◆ **YOUR INSTRUCTIONS**:
Starting at the line that contains "Num.sqrt ((d%:R +", print every remaining line of the entries, unchanged, and output nothing more.

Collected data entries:
Content starts
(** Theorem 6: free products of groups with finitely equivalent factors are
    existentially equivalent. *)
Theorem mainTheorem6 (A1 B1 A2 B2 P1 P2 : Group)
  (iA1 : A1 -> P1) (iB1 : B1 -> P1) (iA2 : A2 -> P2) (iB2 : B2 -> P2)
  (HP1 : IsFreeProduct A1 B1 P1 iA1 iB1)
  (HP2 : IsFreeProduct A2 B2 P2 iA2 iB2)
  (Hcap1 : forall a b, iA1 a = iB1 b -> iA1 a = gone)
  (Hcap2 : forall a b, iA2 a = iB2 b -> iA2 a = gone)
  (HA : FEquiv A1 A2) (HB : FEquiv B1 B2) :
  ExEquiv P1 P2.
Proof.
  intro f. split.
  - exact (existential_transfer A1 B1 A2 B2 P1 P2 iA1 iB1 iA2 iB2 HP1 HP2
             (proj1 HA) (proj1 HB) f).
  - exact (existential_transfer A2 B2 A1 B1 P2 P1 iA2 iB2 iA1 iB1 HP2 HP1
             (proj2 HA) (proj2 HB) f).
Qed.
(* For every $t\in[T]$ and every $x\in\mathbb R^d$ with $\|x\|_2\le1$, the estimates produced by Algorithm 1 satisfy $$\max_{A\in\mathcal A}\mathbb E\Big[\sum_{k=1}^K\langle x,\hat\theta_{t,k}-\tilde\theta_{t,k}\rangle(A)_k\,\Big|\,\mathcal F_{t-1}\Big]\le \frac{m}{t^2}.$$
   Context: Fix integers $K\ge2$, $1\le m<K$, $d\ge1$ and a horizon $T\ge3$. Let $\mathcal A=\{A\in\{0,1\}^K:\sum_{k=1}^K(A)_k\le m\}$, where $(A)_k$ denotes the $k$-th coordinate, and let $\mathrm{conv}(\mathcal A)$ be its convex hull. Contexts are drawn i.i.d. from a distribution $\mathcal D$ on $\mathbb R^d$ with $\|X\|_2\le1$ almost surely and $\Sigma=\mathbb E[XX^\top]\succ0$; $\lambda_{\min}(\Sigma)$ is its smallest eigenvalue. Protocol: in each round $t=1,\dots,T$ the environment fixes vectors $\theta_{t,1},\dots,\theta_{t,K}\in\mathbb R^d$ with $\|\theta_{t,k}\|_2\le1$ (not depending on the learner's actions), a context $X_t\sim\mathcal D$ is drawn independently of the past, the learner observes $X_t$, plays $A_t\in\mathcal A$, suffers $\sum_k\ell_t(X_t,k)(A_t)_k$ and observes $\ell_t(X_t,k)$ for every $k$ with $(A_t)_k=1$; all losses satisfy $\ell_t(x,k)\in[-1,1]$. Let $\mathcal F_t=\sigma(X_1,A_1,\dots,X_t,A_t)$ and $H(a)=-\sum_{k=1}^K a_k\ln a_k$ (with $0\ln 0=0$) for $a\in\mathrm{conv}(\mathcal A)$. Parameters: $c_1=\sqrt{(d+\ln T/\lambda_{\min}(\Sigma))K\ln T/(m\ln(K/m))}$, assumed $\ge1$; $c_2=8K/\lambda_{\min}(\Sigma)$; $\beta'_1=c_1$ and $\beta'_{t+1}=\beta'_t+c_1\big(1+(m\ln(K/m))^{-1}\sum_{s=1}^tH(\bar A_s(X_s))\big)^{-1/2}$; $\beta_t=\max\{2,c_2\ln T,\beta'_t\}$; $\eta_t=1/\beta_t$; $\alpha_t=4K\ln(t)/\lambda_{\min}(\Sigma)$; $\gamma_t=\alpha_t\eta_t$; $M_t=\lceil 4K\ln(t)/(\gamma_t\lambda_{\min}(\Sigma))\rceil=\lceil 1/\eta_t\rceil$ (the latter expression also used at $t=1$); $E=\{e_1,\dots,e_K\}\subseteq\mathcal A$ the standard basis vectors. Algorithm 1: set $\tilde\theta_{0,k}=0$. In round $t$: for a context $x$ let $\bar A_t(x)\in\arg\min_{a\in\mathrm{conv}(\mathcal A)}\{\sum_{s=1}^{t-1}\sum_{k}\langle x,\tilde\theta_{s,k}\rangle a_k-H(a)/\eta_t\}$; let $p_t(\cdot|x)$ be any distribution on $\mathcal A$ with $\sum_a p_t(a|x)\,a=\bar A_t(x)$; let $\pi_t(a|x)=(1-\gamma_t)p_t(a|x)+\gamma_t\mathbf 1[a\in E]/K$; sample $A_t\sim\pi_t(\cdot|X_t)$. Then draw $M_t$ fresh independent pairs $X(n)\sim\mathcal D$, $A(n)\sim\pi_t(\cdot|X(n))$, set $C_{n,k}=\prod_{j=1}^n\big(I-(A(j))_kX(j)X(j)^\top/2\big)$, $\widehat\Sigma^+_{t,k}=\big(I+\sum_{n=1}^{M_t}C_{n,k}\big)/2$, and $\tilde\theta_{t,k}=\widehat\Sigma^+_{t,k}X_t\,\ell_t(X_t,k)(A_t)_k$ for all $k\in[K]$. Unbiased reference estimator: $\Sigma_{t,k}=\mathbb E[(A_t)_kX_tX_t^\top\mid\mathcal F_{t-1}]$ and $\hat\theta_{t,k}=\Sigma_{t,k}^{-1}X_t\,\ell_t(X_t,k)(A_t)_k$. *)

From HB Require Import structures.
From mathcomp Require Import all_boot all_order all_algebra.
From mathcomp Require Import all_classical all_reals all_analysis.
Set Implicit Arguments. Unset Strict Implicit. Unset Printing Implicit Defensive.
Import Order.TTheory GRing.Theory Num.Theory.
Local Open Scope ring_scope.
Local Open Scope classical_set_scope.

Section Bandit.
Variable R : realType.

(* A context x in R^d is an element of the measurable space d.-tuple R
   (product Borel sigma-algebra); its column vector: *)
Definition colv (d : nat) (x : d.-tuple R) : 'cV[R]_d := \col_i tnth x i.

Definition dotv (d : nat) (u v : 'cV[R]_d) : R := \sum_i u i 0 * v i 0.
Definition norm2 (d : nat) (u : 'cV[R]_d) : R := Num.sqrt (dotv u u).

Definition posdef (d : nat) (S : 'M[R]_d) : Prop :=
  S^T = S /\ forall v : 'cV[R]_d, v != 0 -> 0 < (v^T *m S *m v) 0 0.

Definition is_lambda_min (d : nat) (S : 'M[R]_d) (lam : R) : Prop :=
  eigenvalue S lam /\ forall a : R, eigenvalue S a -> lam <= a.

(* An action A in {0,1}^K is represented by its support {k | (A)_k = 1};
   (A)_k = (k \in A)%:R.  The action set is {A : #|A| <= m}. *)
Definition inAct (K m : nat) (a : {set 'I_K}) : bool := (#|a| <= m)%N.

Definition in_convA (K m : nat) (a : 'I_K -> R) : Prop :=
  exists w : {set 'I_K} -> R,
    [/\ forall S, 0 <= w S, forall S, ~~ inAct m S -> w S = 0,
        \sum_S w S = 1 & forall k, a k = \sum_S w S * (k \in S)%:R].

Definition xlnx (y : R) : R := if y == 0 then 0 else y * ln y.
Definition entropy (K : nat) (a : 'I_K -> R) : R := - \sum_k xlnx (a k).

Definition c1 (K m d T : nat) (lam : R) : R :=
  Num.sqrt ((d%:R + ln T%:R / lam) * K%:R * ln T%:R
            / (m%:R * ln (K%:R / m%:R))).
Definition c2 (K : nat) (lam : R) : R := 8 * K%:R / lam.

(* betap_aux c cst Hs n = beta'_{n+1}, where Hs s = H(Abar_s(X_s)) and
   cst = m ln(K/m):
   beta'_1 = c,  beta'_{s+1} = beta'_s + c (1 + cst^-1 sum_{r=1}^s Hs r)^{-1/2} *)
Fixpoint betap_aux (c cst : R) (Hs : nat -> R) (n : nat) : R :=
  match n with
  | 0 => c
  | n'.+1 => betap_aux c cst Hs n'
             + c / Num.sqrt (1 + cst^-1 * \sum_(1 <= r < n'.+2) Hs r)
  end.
Content ends
◆ **RESULT FOR THIS TASK**:
  Num.sqrt ((d%:R + ln T%:R / lam) * K%:R * ln T%:R
            / (m%:R * ln (K%:R / m%:R))).
Definition c2 (K : nat) (lam : R) : R := 8 * K%:R / lam.

(* betap_aux c cst Hs n = beta'_{n+1}, where Hs s = H(Abar_s(X_s)) and
   cst = m ln(K/m):
   beta'_1 = c,  beta'_{s+1} = beta'_s + c (1 + cst^-1 sum_{r=1}^s Hs r)^{-1/2} *)
Fixpoint betap_aux (c cst : R) (Hs : nat -> R) (n : nat) : R :=
  match n with
  | 0 => c
  | n'.+1 => betap_aux c cst Hs n'
             + c / Num.sqrt (1 + cst^-1 * \sum_(1 <= r < n'.+2) Hs r)
  end.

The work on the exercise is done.